Work task: Set down, please, without alteration, the lines of the entries below from the first through the one containing "by rewrite Tx; lra.".

****************************************

Lemma mutinfo_extend_chain :
  mutinfo (through p (extend_channel K c g)) =
  mutinfo (through p c) + rsum (fun z => umutinfo (through (s z) (fun w => K (g w z)))).
Proof.
rewrite (mutinfo_chain (q := through p c)) => [|u [z y]|u z].
- congr (_ + _); apply: eq_bigr => z _; congr umutinfo.
  apply: functional_extensionality => u; apply: functional_extensionality => y.
  by apply: eq_bigr => w _; rewrite /s /extend_channel /= Rmult_assoc.
- by apply: sumR_ge0 => w _; apply: Rmult_le_pos => //; apply: Rmult_le_pos; apply: channel_ge0.
- rewrite /through /rsum exchange_big; apply: eq_bigr => w _.
  by rewrite /extend_channel /= -sumR_mull -sumR_mull channel_sum1 // Rmult_1_r.
Qed.

Lemma mutinfo_extend_le :
  mutinfo (through p (extend_channel K c g)) <= t - psi (t - mutinfo (through p c)).
Proof.
set a := mutinfo (through p c).
have T_ge0 z : 0 <= T z := mass_ge0 (slice_ge0 z).
(* The budget of slice [z]: its share of [I(U;W)] plus the common slack; by [mutinfo_markov]
   the budgets average to [t - I(U;Z)]. *)
pose x z := umutinfo (s z) / T z + (t - mutinfo p).
have x_ge0 z : 0 <= x z.
  by have := Rmult_le_pos _ _ (umutinfo_ge0 (slice_ge0 z)) (Rinv_ge0 (T_ge0 z)); rewrite /x; lra.
have Tx z : T z * x z = umutinfo (s z) + T z * (t - mutinfo p).
  case: (Req_dec (T z) 0) => [T0|T_neq0]; last by rewrite /x; field.
  by rewrite T0 umutinfo_mass0 //; [ring | apply: slice_ge0].
have sum_Tx : rsum (fun z => T z * x z) = t - a.
  rewrite /rsum; under eq_bigr do rewrite Tx.
  rewrite big_split /= -sumR_mulr -/(rsum T) mass_slices (mutinfo_markov p_ge0 c_channel) -/a.
  rewrite /rsum /s /=; lra.
have per_slice z : umutinfo (through (s z) (fun w => K (g w z))) <= T z * (x z - psi (x z)).
  apply: umutinfo_encoded_le => //; first exact: slice_ge0.
  have : 0 <= T z * (t - mutinfo p) by apply: Rmult_le_pos => //; lra.
  by rewrite Tx; lra.
have jensen_x := jensen psi_ge0 psi_convex T_ge0 x_ge0 mass_slices.
rewrite sum_Tx in jensen_x.
have : rsum (fun z => umutinfo (through (s z) (fun w => K (g w z)))) +
       rsum (fun z => T z * psi (x z)) <= rsum (fun z => T z * x z).
  rewrite /rsum -big_split; apply: sumR_le => z _ /=.
  by have := per_slice z; rewrite Rmult_minus_distr_l; lra.
rewrite mutinfo_extend_chain -/a sum_Tx; lra.
Qed.
End FeedbackStep.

****************************************

Result:
Lemma mutinfo_extend_chain :
  mutinfo (through p (extend_channel K c g)) =
  mutinfo (through p c) + rsum (fun z => umutinfo (through (s z) (fun w => K (g w z)))).
Proof.
rewrite (mutinfo_chain (q := through p c)) => [|u [z y]|u z].
- congr (_ + _); apply: eq_bigr => z _; congr umutinfo.
  apply: functional_extensionality => u; apply: functional_extensionality => y.
  by apply: eq_bigr => w _; rewrite /s /extend_channel /= Rmult_assoc.
- by apply: sumR_ge0 => w _; apply: Rmult_le_pos => //; apply: Rmult_le_pos; apply: channel_ge0.
- rewrite /through /rsum exchange_big; apply: eq_bigr => w _.
  by rewrite /extend_channel /= -sumR_mull -sumR_mull channel_sum1 // Rmult_1_r.
Qed.

Lemma mutinfo_extend_le :
  mutinfo (through p (extend_channel K c g)) <= t - psi (t - mutinfo (through p c)).
Proof.
set a := mutinfo (through p c).
have T_ge0 z : 0 <= T z := mass_ge0 (slice_ge0 z).
(* The budget of slice [z]: its share of [I(U;W)] plus the common slack; by [mutinfo_markov]
   the budgets average to [t - I(U;Z)]. *)
pose x z := umutinfo (s z) / T z + (t - mutinfo p).
have x_ge0 z : 0 <= x z.
  by have := Rmult_le_pos _ _ (umutinfo_ge0 (slice_ge0 z)) (Rinv_ge0 (T_ge0 z)); rewrite /x; lra.
have Tx z : T z * x z = umutinfo (s z) + T z * (t - mutinfo p).
  case: (Req_dec (T z) 0) => [T0|T_neq0]; last by rewrite /x; field.
  by rewrite T0 umutinfo_mass0 //; [ring | apply: slice_ge0].
have sum_Tx : rsum (fun z => T z * x z) = t - a.
  rewrite /rsum; under eq_bigr do rewrite Tx.
  rewrite big_split /= -sumR_mulr -/(rsum T) mass_slices (mutinfo_markov p_ge0 c_channel) -/a.
  rewrite /rsum /s /=; lra.
have per_slice z : umutinfo (through (s z) (fun w => K (g w z))) <= T z * (x z - psi (x z)).
  apply: umutinfo_encoded_le => //; first exact: slice_ge0.
  have : 0 <= T z * (t - mutinfo p) by apply: Rmult_le_pos => //; lra.
  by rewrite Tx; lra.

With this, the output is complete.